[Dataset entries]
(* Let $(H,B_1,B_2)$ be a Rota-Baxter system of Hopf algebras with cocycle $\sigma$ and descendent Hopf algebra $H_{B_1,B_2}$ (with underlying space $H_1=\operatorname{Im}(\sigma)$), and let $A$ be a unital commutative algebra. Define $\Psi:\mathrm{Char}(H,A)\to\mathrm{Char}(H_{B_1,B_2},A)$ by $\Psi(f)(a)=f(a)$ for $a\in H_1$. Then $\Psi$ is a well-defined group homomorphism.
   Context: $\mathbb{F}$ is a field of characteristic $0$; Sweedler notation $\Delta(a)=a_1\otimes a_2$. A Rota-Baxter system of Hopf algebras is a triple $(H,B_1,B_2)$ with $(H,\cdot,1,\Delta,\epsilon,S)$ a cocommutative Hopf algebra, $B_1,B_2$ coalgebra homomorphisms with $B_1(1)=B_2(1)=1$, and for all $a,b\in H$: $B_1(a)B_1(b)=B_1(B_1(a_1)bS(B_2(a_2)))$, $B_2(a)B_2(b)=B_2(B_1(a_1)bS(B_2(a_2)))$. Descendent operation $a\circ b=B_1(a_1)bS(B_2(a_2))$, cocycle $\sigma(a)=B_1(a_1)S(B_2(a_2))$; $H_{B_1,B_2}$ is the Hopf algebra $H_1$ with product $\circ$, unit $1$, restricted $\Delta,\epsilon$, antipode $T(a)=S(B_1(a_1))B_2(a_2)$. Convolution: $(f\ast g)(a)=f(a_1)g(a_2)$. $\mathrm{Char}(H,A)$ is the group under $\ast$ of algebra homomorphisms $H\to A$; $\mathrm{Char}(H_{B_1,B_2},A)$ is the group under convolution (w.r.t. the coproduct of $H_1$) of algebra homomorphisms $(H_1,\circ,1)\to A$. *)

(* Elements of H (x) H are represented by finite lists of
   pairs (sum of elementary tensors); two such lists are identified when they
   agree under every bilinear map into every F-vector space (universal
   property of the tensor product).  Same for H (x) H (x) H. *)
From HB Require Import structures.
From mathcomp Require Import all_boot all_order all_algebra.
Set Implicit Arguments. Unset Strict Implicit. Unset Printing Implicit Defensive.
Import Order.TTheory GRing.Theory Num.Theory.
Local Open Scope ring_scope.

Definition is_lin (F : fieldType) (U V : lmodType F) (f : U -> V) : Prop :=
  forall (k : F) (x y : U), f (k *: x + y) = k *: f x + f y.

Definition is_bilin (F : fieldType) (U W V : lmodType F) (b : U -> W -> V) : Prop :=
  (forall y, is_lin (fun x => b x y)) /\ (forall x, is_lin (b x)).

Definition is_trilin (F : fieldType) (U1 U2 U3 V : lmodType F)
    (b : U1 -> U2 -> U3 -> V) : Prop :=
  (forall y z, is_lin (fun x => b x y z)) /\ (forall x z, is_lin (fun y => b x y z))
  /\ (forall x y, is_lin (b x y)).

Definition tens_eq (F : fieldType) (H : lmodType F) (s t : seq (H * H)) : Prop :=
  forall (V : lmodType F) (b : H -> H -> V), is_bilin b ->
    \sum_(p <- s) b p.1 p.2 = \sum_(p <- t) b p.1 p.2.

(The task): Could you quote, exactly as they appear, the line containing "Definition is_trilin (F" and every line after it to the end of the records above?

(Problem solution):
Definition is_trilin (F : fieldType) (U1 U2 U3 V : lmodType F)
    (b : U1 -> U2 -> U3 -> V) : Prop :=
  (forall y z, is_lin (fun x => b x y z)) /\ (forall x z, is_lin (fun y => b x y z))
  /\ (forall x y, is_lin (b x y)).

Definition tens_eq (F : fieldType) (H : lmodType F) (s t : seq (H * H)) : Prop :=
  forall (V : lmodType F) (b : H -> H -> V), is_bilin b ->
    \sum_(p <- s) b p.1 p.2 = \sum_(p <- t) b p.1 p.2.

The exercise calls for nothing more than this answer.